= Action item =
Collect all lines from the records below that include the word "assert".

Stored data
☆ ☆ ☆ ☆
Lemma ex_series_inv_sq : ex_series (fun n => / INR n ^ 2).
Proof.
  apply (ex_series_Cauchy (K := R_AbsRing) (V := R_CompleteNormedModule)). intros eps.
  destruct (INR_unbounded (2 / eps)) as [N HN].
  assert (He := cond_pos eps).
  assert (HN0 : 0 < INR N) by (pose proof (Rdiv_lt_0_compat 2 eps ltac:(lra) He); lra).
  assert (HN1 : (1 <= N)%nat) by (apply INR_lt; simpl; exact HN0).
  exists N. intros p q Hp _.
  assert (HNp : INR N <= INR p) by (apply le_INR; exact Hp).
  eapply Rle_lt_trans; [apply (norm_sum_n_m (K := R_AbsRing) (V := R_NormedModule))|].
  apply Rle_lt_trans with (sum_n_m (fun n => / INR n ^ 2) p q).
  { apply sum_n_m_le_loc; intros k Hk.
    right. apply Rabs_pos_eq, Rlt_le, Rinv_0_lt_compat, pow_lt, lt_0_INR; lia. }
  apply Rle_lt_trans with (2 / INR N).
  - eapply Rle_trans; [apply sum_inv_sq_tail; lia|]. unfold Rdiv. apply Rmult_le_compat_l; [lra|]. apply Rinv_le_contravar; lra.
  - apply (Rmult_lt_reg_r (INR N / eps)); [apply Rdiv_lt_0_compat; lra|].
    replace (2 / INR N * (INR N / eps)) with (2 / eps) by (field; lra).
    replace (eps * (INR N / eps)) with (INR N) by (field; lra). lra.
Qed.

Lemma ex_series_div_sq (K : R) : ex_series (fun n => K / INR n ^ 2).
Proof.
  apply (ex_series_ext (fun n => scal K (/ INR n ^ 2))); [reflexivity|].
  apply (ex_series_scal (K := R_AbsRing) (V := R_NormedModule)), ex_series_inv_sq.
Qed.

Lemma ex_series_of_dominated (a : nat -> C) (M : nat -> R) :
  ex_series M -> (forall n, (1 <= n)%nat -> Cmod (a n) <= M n) -> ex_series a.
Proof.
  intros HM Ha. apply ex_series_incr_1.
  apply (ex_series_le (K := C_AbsRing) (V := C_CompleteNormedModule) _ (fun n => M (S n))).
  - intros n; apply Ha; lia.
  - now apply (ex_series_incr_1 M).
Qed.

Definition series_sum (a : nat -> C) : C :=
  @iota (CompleteNormedModule.CompleteSpace C_AbsRing C_CompleteNormedModule) (is_series a).

Lemma is_series_series_sum (a : nat -> C) : ex_series a -> is_series a (series_sum a).
Proof.
  intros [l Hl]. unfold series_sum, is_series.
  rewrite (iota_filterlim_locally (K := C_AbsRing) (V := C_CompleteNormedModule) _ l); exact Hl.
Qed.
(* Let $P\in\mathbb C[x_1,\dots,x_4,y_1,\dots,y_6]$ not depend on $y_3$, write $P=\sum_{i\ge0}y_1^iP_i$ with each $P_i$ independent of $y_1$, and suppose $\mathbf DP=\mathbf D_1P=\mathbf D_2P=\mathbf D_3P=\mathbf D_4P=0$, where $\mathbf D=\partial_{y_4}\partial_{y_3}-\partial_{y_5}\partial_{y_2}+\partial_{y_6}\partial_{y_1}$, $\mathbf D_1=\partial_{y_6}\partial_{x_4}-\partial_{y_2}\partial_{x_3}+\partial_{y_3}\partial_{x_2}$, $\mathbf D_2=\partial_{y_5}\partial_{x_4}-\partial_{y_1}\partial_{x_3}+\partial_{y_3}\partial_{x_1}$, $\mathbf D_3=\partial_{y_4}\partial_{x_4}-\partial_{y_1}\partial_{x_2}+\partial_{y_2}\partial_{x_1}$, $\mathbf D_4=\partial_{y_4}\partial_{x_3}-\partial_{y_5}\partial_{x_2}+\partial_{y_6}\partial_{x_1}$. Then there exists $K\in\mathbb C[x_1,\dots,x_4,y_1,\dots,y_6]$ depending neither on $y_1$ nor on $y_3$ such that $\mathbf DK=-\partial_{y_6}P_0$, $\mathbf D_1K=0$, $\mathbf D_2K=\partial_{x_3}P_0$, $\mathbf D_3K=\partial_{x_2}P_0$ and $\mathbf D_4K=0$. *)

From HB Require Import structures.
From mathcomp Require Import all_boot all_order all_algebra.
From mathcomp Require Import Rstruct complex.
From mathcomp Require Import mpoly.
Set Implicit Arguments. Unset Strict Implicit. Unset Printing Implicit Defensive.
Import GRing.Theory Num.Theory.
Local Open Scope ring_scope.

Definition C : Type := (Rdefinitions.R)[i].
Definition CF : fieldType := (Rdefinitions.R)[i].

(* Polynomial ring C[x1..x4, y1..y6]; variables indexed by 'I_10:
   x_k (k=1..4) is index k-1, y_k (k=1..6) is index k+3. *)
Definition Pol := {mpoly CF[10]}.
Definition vx (k : nat) : 'I_10 := inord k.-1.
Definition vy (k : nat) : 'I_10 := inord (k + 3).

Definition pd (v : 'I_10) (p : Pol) : Pol := mderiv v p.

Definition indep (v : 'I_10) (p : Pol) : Prop :=
  forall m : 'X_{1..10}, m \in msupp p -> m v = 0%N.

Definition opD (p : Pol) : Pol :=
  pd (vy 4) (pd (vy 3) p) - pd (vy 5) (pd (vy 2) p) + pd (vy 6) (pd (vy 1) p).
Definition opD1 (p : Pol) : Pol :=
  pd (vy 6) (pd (vx 4) p) - pd (vy 2) (pd (vx 3) p) + pd (vy 3) (pd (vx 2) p).
Definition opD2 (p : Pol) : Pol :=
  pd (vy 5) (pd (vx 4) p) - pd (vy 1) (pd (vx 3) p) + pd (vy 3) (pd (vx 1) p).
Definition opD3 (p : Pol) : Pol :=
  pd (vy 4) (pd (vx 4) p) - pd (vy 1) (pd (vx 2) p) + pd (vy 2) (pd (vx 1) p).
Definition opD4 (p : Pol) : Pol :=
  pd (vy 4) (pd (vx 3) p) - pd (vy 5) (pd (vx 2) p) + pd (vy 6) (pd (vx 1) p).

From HB Require Import structures.
From mathcomp Require Import all_boot all_order all_algebra.
From mathcomp Require Import Rstruct complex.
From mathcomp Require Import mpoly.
Import GRing.Theory Num.Theory.
Local Open Scope ring_scope.

(* Taking the part of a polynomial that does not involve y1
   (setting y1 := 0) commutes with every operator free of d/dy1; hence P_0
   does not involve y3 and satisfies D1 P_0 = D4 P_0 = 0.  For K free of y1
   and y3 the five required equations reduce to
     d_y5 d_y2 K = d_y6 P_0,  d_y6 d_x4 K = d_y2 d_x3 K,  d_y5 d_x4 K = d_x3 P_0,
     d_y4 d_x4 K + d_y2 d_x1 K = d_x2 P_0,  D4 K = 0,
   and any solution of these can afterwards be projected onto its y1-, y3-free
   part.  We take K = (antiderivative in y5 of X) + Z.  Here X is a potential
   of (d_x3 P_0, d_y6 P_0) in the variables (x4, y2), which exists because
   D1 P_0 = 0, corrected so that D4 X = 0: D4 is onto, being d_y5 d_x2 plus an
   operator that is nilpotent and commutes with the antiderivatives in y5 and
   x2.  Then Z, free of y5, solves the remaining second-order system with the
   y5-free parts of d_x2 P_0 and d_x2 X as right-hand sides; that system is
   solved by induction on the degree, integrating in y4 and then in x1. *)

Lemma add_nilpotent_surj {V : zmodType} {N : V -> V} :
  (forall x y, N (x - y) = N x - N y) ->
  forall k x, iter k N x = 0 -> exists y, y + N y = x.
Proof.
move=> NB k; have N0 : N 0 = 0 by move: (NB 0 0); rewrite !subrr.
elim: k => [|k IH] x; first by move=> /= ->; exists 0; rewrite N0 addr0.
rewrite iterSr => /IH [y yE]; exists (x - y).
by rewrite NB -yE addrK subrK.
Qed.

Definition mantideriv {n} {R : fieldType} (v : 'I_n) (p : {mpoly R[n]}) :=
  \sum_(m <- msupp p) ((m v).+1%:R^-1 * p@_m) *: 'X_[m + U_(v)].

(* The part of [p] not involving [x_v], i.e. [p] at [x_v = 0]; locked, as
   otherwise additive rewrite rules match it as the difference [p - _]. *)
HB.lock Definition mconst {n} {R : fieldType} (v : 'I_n) (p : {mpoly R[n]}) :=
  p - mantideriv v p^`M(v).

Section Antiderivative.
Context {n : nat} {R : numFieldType}.
Implicit Types (u v w : 'I_n) (m : 'X_{1..n}) (p q : {mpoly R[n]}).

Lemma lem1E m v : (U_(v) <= m)%MM = (0 < m v)%N.
Proof.
apply/mnm_lepP/idP => [/(_ v)|mv i]; rewrite mnm1E ?eqxx //.
by case: eqP => // <-.
Qed.

Lemma mcoeff_mantideriv v p m : (mantideriv v p)@_m =
  if m v is k.+1 then k.+1%:R^-1 * p@_(m - U_(v)) else 0.
Proof.
rewrite /mantideriv raddf_sum /=.
under eq_bigr => m' _ do rewrite mcoeffZ mcoeffX.
case mv: (m v) => [|k].
  apply: big1 => m' _; suff /negbTE-> : (m' + U_(v))%MM != m by rewrite mulr0.
  by apply: contra_eqN mv => /eqP <-; rewrite mnmDE mnm1E eqxx addn1.
rewrite -{1}(@submK _ U_(v) m) ?lem1E ?mv //.
set m0 := (m - U_(v))%MM; have m0v : m0 v = k by rewrite mnmBE mnm1E eqxx mv subn1.
under eq_bigr => m' _ do rewrite eqm_add2r.
have [m0p|m0p] := boolP (m0 \in msupp p).
  rewrite (bigD1_seq m0) ?msupp_uniq //= eqxx mulr1 m0v big1 ?addr0 //.
  by move=> m' /negbTE->; rewrite mulr0.
rewrite memN_msupp_eq0 // mulr0 big1_seq // => m' m'p.
by rewrite (_ : (m' == m0) = false) ?mulr0 //; apply: contraNF m0p => /eqP <-.
Qed.

Lemma mantideriv_is_linear v : linear (@mantideriv n R v).
Proof.
move=> c p q; apply/mpolyP => m.
rewrite mcoeffD mcoeffZ !mcoeff_mantideriv mcoeffD mcoeffZ.
by case: (m v) => [|k]; rewrite ?mulr0 ?addr0 // mulrDr mulrCA.
Qed.

HB.instance Definition _ v := GRing.isLinear.Build R {mpoly R[n]} {mpoly R[n]} _
  (@mantideriv n R v) (mantideriv_is_linear v).

Lemma mantiderivK v : cancel (@mantideriv n R v) (mderiv v).
Proof.
move=> p; apply/mpolyP => m.
rewrite mcoeff_mderiv mcoeff_mantideriv mnmDE mnm1E eqxx addn1 addmK.
by rewrite -mulrnAl -mulr_natr mulVf ?pnatr_eq0 ?mul1r.
Qed.

Lemma mderiv_mantideriv u v p : u != v ->
  (mantideriv v p)^`M(u) = mantideriv v p^`M(u).
Proof.
move=> uv; apply/mpolyP => m.
rewrite mcoeff_mderiv !mcoeff_mantideriv mnmDE mnm1E (negbTE uv) addn0.
case mv: (m v) => [|k]; rewrite ?mul0rn // mcoeff_mderiv -mulrnAr.
rewrite mnmBE mnm1E eq_sym (negbTE uv) subn0 [(m - _ + _)%MM]addmC addmBA.
  by rewrite [(U_(u) + m)%MM]addmC.
by rewrite lem1E mv.
Qed.

Lemma mconstE v p : mconst v p = p - mantideriv v p^`M(v).
Proof. by rewrite mconst.unlock. Qed.

Lemma mconst_is_linear v : linear (@mconst n R v).
Proof. by move=> c p q; rewrite !mconstE !linearP /= scalerBr addrACA scalerN. Qed.

HB.instance Definition _ v := GRing.isLinear.Build R {mpoly R[n]} {mpoly R[n]} _
  (@mconst n R v) (mconst_is_linear v).

Lemma mantideriv_mderiv v p : mantideriv v p^`M(v) = p - mconst v p.
Proof. by rewrite mconstE opprB addrC subrK. Qed.

Lemma mderiv_mconst_eq0 v p : (mconst v p)^`M(v) = 0.
Proof. by rewrite mconstE raddfB /= mantiderivK subrr. Qed.

Lemma mderiv_mconst u v p : u != v -> (mconst v p)^`M(u) = mconst v p^`M(u).
Proof. by move=> uv; rewrite !mconstE raddfB /= mderiv_mantideriv // mderiv_comm. Qed.

Lemma mconst_id v p : p^`M(v) = 0 -> mconst v p = p.
Proof. by move=> pv; rewrite mconstE pv raddf0 subr0. Qed.

Lemma mconst_idem v p : mconst v (mconst v p) = mconst v p.
Proof. exact/mconst_id/mderiv_mconst_eq0. Qed.

Lemma mcoeff_mconst v p m : (mconst v p)@_m = if m v == 0%N then p@_m else 0.
Proof.
rewrite mconstE mcoeffB mcoeff_mantideriv; case mv: (m v) => [|k].
  by rewrite subr0.
rewrite mcoeff_mderiv submK ?lem1E ?mv // mnmBE mnm1E eqxx mv subn1.
by rewrite /= -[p@_m *+ _]mulr_natl mulKf ?pnatr_eq0 ?subrr.
Qed.

Lemma mconst_mulX v p : mconst v ('X_v * p) = 0.
Proof.
apply/mpolyP => m; rewrite mcoeff_mconst mcoeff0; case: eqP => // mv.
apply: memN_msupp_eq0; rewrite mulrC (perm_mem (msuppMX _ _)).
by apply/mapP => -[m' _ mE]; move: mv; rewrite mE mnmDE mnm1E eqxx.
Qed.

Lemma mconst_sum_mulX v N (F : nat -> {mpoly R[n]}) :
  (forall i, (F i)^`M(v) = 0) ->
  mconst v (\sum_(i < N.+1) 'X_v ^+ i * F i) = F 0%N.
Proof.
move=> Fv; rewrite big_ord_recl /= expr0 mul1r raddfD /= mconst_id ?Fv //.
rewrite raddf_sum /= big1 ?addr0 // => i _.
by rewrite exprS -mulrA mconst_mulX.
Qed.

Lemma poincare2 u v (F1 F2 : {mpoly R[n]}) : u != v -> F2^`M(u) = F1^`M(v) ->
  exists Y, Y^`M(u) = F1 /\ Y^`M(v) = F2.
Proof.
move=> uv F12; exists (mantideriv u F1 + mconst u (mantideriv v F2)).
split; rewrite raddfD /=.
  by rewrite mantiderivK mderiv_mconst_eq0 addr0.
rewrite mderiv_mantideriv 1?eq_sym // mderiv_mconst 1?eq_sym //.
by rewrite mantiderivK -F12 mantideriv_mderiv subrK.
Qed.

Lemma msize_mderiv v p : (msize p^`M(v) <= (msize p).-1)%N.
Proof.
rewrite msizeE; apply/bigmax_leqP_seq => m.
rewrite mcoeff_msupp mcoeff_mderiv => pm _.
have : (m + U_(v))%MM \in msupp p.
  by rewrite mcoeff_msupp; apply: contraNneq pm => ->; rewrite mul0rn.
by move/msize_mdeg_lt; rewrite mdegD mdeg1 addn1 ltn_predRL.
Qed.

Lemma msize_mderiv2 u v p : (msize p^`M(v)^`M(u) <= (msize p).-1)%N.
Proof.
exact: leq_trans (msize_mderiv _ _) (leq_trans (leq_pred _) (msize_mderiv _ _)).
Qed.

(* The solution is [T_u (T_v U)], [T] the antiderivatives, where
   [U + T_u (T_v (L U)) = f]; [T_u T_v L] is nilpotent on [f], since [L]
   commutes with the [T]'s and lowers the degree. *)
Lemma mderiv2_add_surj u v (L : {mpoly R[n]} -> {mpoly R[n]}) : u != v ->
  (forall p q, L (p - q) = L p - L q) ->
  (forall p, L (mantideriv u p) = mantideriv u (L p)) ->
  (forall p, L (mantideriv v p) = mantideriv v (L p)) ->
  (forall p, msize (L p) <= (msize p).-1)%N ->
  forall f, exists q, q^`M(v)^`M(u) + L q = f.
Proof.
move=> uv LB LTu LTv Lsize f.
pose N p := mantideriv u (mantideriv v (L p)).
have iterLf : iter (msize f) L f = 0.
  suff /(_ (msize f)) : forall k, (msize (iter k L f) <= msize f - k)%N.
    by rewrite subnn leqn0 msize_poly_eq0 => /eqP.
  elim=> [|k IH]; rewrite ?subn0 //= subnS (leq_trans (Lsize _)) //.
  by rewrite -!subn1 leq_sub2r.
have LTT k p : iter k L (mantideriv u (mantideriv v p)) =
    mantideriv u (mantideriv v (iter k L p)).
  by elim: k => //= k ->; rewrite LTu LTv.
have iterN k p : iter k L p = 0 -> iter k N p = 0.
  elim: k p => [//|k IH] p Lp; rewrite iterSr; apply: IH.
  by rewrite /N LTT -iterSr Lp !raddf0.
have NB p q : N (p - q) = N p - N q by rewrite /N LB !raddfB.
have [U UE] := add_nilpotent_surj NB _ _ (iterN _ _ iterLf).
exists (mantideriv u (mantideriv v U)).
by rewrite mderiv_mantideriv 1?eq_sym // !mantiderivK LTu LTv.
Qed.

Section MinorSystem.
Variables a b r1 r2 p1 p2 : 'I_n.
Hypotheses (ab : a != b) (r1a : r1 != a) (r1b : r1 != b) (r2a : r2 != a)
  (r2b : r2 != b) (p1a : p1 != a) (p1b : p1 != b) (p2a : p2 != a)
  (p2b : p2 != b) (r2p2 : r2 != p2).
Local Hint Extern 0 (is_true (_ != _)) => (rewrite eq_sym; assumption) : core.

Lemma minor_system_lift {r r'} {G Y Y' : {mpoly R[n]}} :
  r != a -> r != b -> r' != a ->
  Y^`M(r)^`M(a) + Y^`M(b)^`M(r') = G^`M(a) ->
  Y'^`M(r') = mconst a (G - Y^`M(r)) -> Y'^`M(a) = 0 ->
  (mantideriv a Y + mantideriv b Y')^`M(r)^`M(a) +
  (mantideriv a Y + mantideriv b Y')^`M(b)^`M(r') = G.
Proof.
move=> ra rb r'a YG Y'r' Y'a.
rewrite !raddfD /= (mderiv_mantideriv _ _ _ ra) !mantiderivK !mderiv_mantideriv //.
rewrite mderiv_comm Y'a !raddf0 addr0 Y'r'.
rewrite -[Y^`M(b)^`M(r')](addKr (Y^`M(r)^`M(a))) YG.
by rewrite [- _ + _]addrC -raddfB mantideriv_mderiv subrK addrC subrK.
Qed.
☆ ☆ ☆ ☆
= Written answer =
  assert (He := cond_pos eps).
  assert (HN0 : 0 < INR N) by (pose proof (Rdiv_lt_0_compat 2 eps ltac:(lra) He); lra).
  assert (HN1 : (1 <= N)%nat) by (apply INR_lt; simpl; exact HN0).
  assert (HNp : INR N <= INR p) by (apply le_INR; exact Hp).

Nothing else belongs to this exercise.